God’s love for us is so great and so big, that there is nothing in all of creation that can separate us from it, through Christ Jesus our Lord. Thus, with God, when we expose our sins, when we reveal our shortcomings, when we lay bare our brokenness, when we confess our anger and hate, we are enveloped by an amazing grace that is greater than our sin.
But, if we ignore our sins without God, never confess it, pretend it doesn’t exist, conceal it by calling it by another name, try to somehow justify it, then, well, anything is possible.
The good news is that the breadth and length and height and depth of God’s love is so great and so intimate and so personal that it has the power to make all that is destructive in this world simply impossible.
Without God, things can go completely awry. Without God, all Hell will break loose. Without God, all things are possible.
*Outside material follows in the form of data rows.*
Lemma principal_ultra (x : T) : is_ultra (principal x).
Proof.
split; [split | | move=> A; have [|] := pselect (A x); [left | right]] => //.
by move=> A B AB /AB.
Qed.

Lemma ultra_refinementsP {F A} : is_filter F ->
  (forall U, is_ultra U -> F `<=` U -> U A) -> F A.
Proof.
move=> /is_filterP FF finerA; apply: contrapT => nFA.
pose G := filter_from F (fun C => C `&` ~` A).
have GF : ProperFilter G.
  apply: filter_from_proper.
    apply: filter_from_filter; first by exists setT; exact: filterT.
    move=> C D FC FD; exists (C `&` D); first exact: filterI.
    by move=> x [[Cx Dx] nAx]; split; split.
  move=> C FC; apply: contrapT => /asboolP; rewrite asbool_neg.
  move=> /forallp_asboolPn CA; apply: nFA; apply: filterS FC => x Cx.
  by apply: contrapT => nAx; apply: (CA x).
have [U [UU GU]] := ultraFilterLemma GF.
have FU : F `<=` U by move=> C FC; apply: GU; exists C => // x [].
have UnA : U (~` A) by apply: GU; exists setT; [exact: filterT | move=> x []].
have UA := finerA U (is_ultra_UltraFilter UU) FU.
by apply: (@filter_not_empty _ U); rewrite -(setICr A); exact: filterI.
Qed.

Lemma pushf_filter {S} (f : T -> S) {F} : is_filter F -> is_filter (pushf f F).
Proof.
case=> FT FI FS; split => //; first by move=> A B; exact: FI.
by move=> A B AB; apply: FS => x /AB.
Qed.

Lemma pushf_ultra {S} (f : T -> S) {U} : is_ultra U -> is_ultra (pushf f U).
Proof.
by case=> Uf U0 UC; split; [exact: pushf_filter | exact: U0 | move=> A; exact: UC].
Qed.

End Filters.

Lemma prodF_filter {S T} {F : set_system S} {G : set_system T} :
  is_filter F -> is_filter G -> is_filter (prodF F G).
Proof.
case=> FT FI FS [GT GI GS]; split.
- by exists setT, setT; split.
- move=> P Q [A [B [FA GB ABP]]] [C [D [FC GD CDQ]]].
  exists (A `&` C), (B `&` D); split; [exact: FI | exact: GI |].
  by move=> [x y] [/= [Ax Cx] [By Dy]]; split; [apply: ABP | apply: CDQ].
- by move=> P Q PQ [A [B [FA GB ABP]]]; exists A, B; split => // z /ABP /PQ.
Qed.

Lemma ps_cont_comp {A B C : psSpace} {f : A -> B} {g : B -> C} :
  ps_cont f -> ps_cont g -> ps_cont (g \o f).
Proof.
by move=> cf cg U a Uu Ua; exact: cg _ _ (pushf_ultra f Uu) (cf U a Uu Ua).
Qed.

Lemma Ropen_preimage {A B : psSpace} {f : A -> B} {S : set B} :
  ps_cont f -> Ropen S -> Ropen (f @^-1` S).
Proof.
by move=> cf oS U a Uu Ua; exact: oS _ _ (pushf_ultra f Uu) (cf U a Uu Ua).
Qed.

Lemma fconv_ps_of_top {T : topologicalType} {F : set_system T} {x : T} :
  is_filter F -> fconv (A := ps_of_top T) F x <-> nbhs x `<=` F.
Proof.
move=> Ff; split; last by move=> xF U _ FU; exact: subset_trans FU.
by move=> Fx A xA; apply: ultra_refinementsP => // U Uu FU; exact: Fx.
Qed.
(* In the setting below, the directed graph $\tilde H$ contains no red cycle and no blue cycle.
   Context: Setting: $G$ is a graph; $S_1,T_1,S_2,T_2\subseteq V(G)$ are pairwise disjoint sets of $k$ vertices each, all of degree $1$ in $G$, with $(S_1,T_1)$ and $(S_2,T_2)$ each routable in $G$ (i.e. connected by $k$ node-disjoint paths). $H$ is an $(S_1,T_1,S_2,T_2)$-minimal minor of $G$: a minor of $G$ containing the vertices of $S_1\cup T_1\cup S_2\cup T_2$ as vertices (each such $x$ corresponds to a branch set $\{x\}$), in which both pairs are routable, and such that for every edge $e$ of $H$, deleting $e$ or contracting $e$ destroys one of these properties. $\mathcal{R}$ is a set of $k$ node-disjoint paths routing $(S_1,T_1)$ in $H$ (''red paths'') and $\mathcal{B}$ a set of $k$ node-disjoint paths routing $(S_2,T_2)$ in $H$ (''blue paths''). $\tilde H$ is the directed graph on $V(H)$ containing each edge of a red path, directed along the path from $S_1$ to $T_1$ (a red edge), and each edge of a blue path, directed along the path from $S_2$ to $T_2$ (a blue edge). A blue cycle is a simple directed cycle $C$ in $\tilde H$ that can be partitioned into consecutive edge-disjoint segments $\sigma_1,\dots,\sigma_{2r}$, $r>0$, where each $\sigma_{2i}$ consists of a single red edge and each $\sigma_{2i-1}$ is a nonempty path consisting only of blue edges. A red cycle is defined the same way with the roles of red and blue exchanged. *)

From mathcomp Require Import all_boot.
Set Implicit Arguments. Unset Strict Implicit. Unset Printing Implicit Defensive.

Section Defs.

Definition simple_graph (V : finType) (E : rel V) : Prop :=
  symmetric E /\ irreflexive E.

Definition degree (V : finType) (E : rel V) (x : V) : nat := #|[set y | E x y]|.

Definition ST_path (V : finType) (E : rel V) (S T : {set V}) (p : seq V) : bool :=
  if p is x :: p' then [&& path E x p', uniq p, x \in S & last x p' \in T]
  else false.

Definition routing (V : finType) (E : rel V) (S T : {set V}) (k : nat)
    (P : seq (seq V)) : Prop :=
  [/\ size P = k, all (ST_path E S T) P &
      pairwise (fun p q : seq V => [disjoint p & q]) P].

Definition routable (V : finType) (E : rel V) (S T : {set V}) (k : nat) : Prop :=
  exists P, routing E S T k P.

Definition connected_in (V : finType) (E : rel V) (A : {set V}) : Prop :=
  forall u v, u \in A -> v \in A ->
    connect [rel x y | [&& E x y, x \in A & y \in A]] u v.

Definition minor_model (VG VH : finType) (EG : rel VG) (EH : rel VH)
    (phi : VH -> {set VG}) : Prop :=
  [/\ forall h, phi h != set0,
      forall h, connected_in EG (phi h),
      forall h h', h != h' -> [disjoint phi h & phi h'] &
      forall h h', EH h h' -> exists u v, [/\ u \in phi h, v \in phi h' & EG u v]].

Definition tlift (VG VH : finType) (phi : VH -> {set VG}) (S : {set VG}) : {set VH} :=
  [set h | [exists x in S, phi h == [set x]]].

(* every terminal x is a vertex of H, i.e. has branch set {x} *)
Definition terminals_ok (VG VH : finType) (S1 T1 S2 T2 : {set VG})
    (phi : VH -> {set VG}) : Prop :=
  forall x, x \in S1 :|: T1 :|: S2 :|: T2 -> exists h, phi h = [set x].

Definition good_minor (VG : finType) (EG : rel VG) (S1 T1 S2 T2 : {set VG}) (k : nat)
    (VH : finType) (EH : rel VH) (phi : VH -> {set VG}) : Prop :=
  [/\ minor_model EG EH phi, terminals_ok S1 T1 S2 T2 phi,
      routable EH (tlift phi S1) (tlift phi T1) k &
      routable EH (tlift phi S2) (tlift phi T2) k].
But with God, there are many things that are impossible.
With God, unforgiveness is impossible.
With God, absolute loneliness is impossible.
With God, being completely lost is impossible.
With God, utter despair is impossible.
With God, being unaccepted, unloved and unworthy is impossible.
With God, spiraling out of control into utter madness is impossible.
With God, saying things or doing things or voting for things that harm our neighbors, especially our neighbors whom the Bible calls the least of these, without a conscience that that names these sins and calls us to repent to obey the supreme law of God to love neighbor as self is impossible.
With God, coming to church, praying, singing hymns and listening to a sermon without a divine call and a holy conviction to leave the comfort of this sanctuary to go out into a dangerous world to be the church, to do the things that Jesus did, lifting up the lowly, seeking out the lost, healing the sick, speaking truth to power, and confronting and challenging and exorcising all kinds of evil, is impossible.
With God, total destructiveness, eternal death, and all Hell breaking loose is impossible.
Now to him who by the power at work within us is able to accomplish abundantly far more than all we can ask or imagine, to him be glory in the church and in Christ Jesus to all generations, forever and ever. Amen.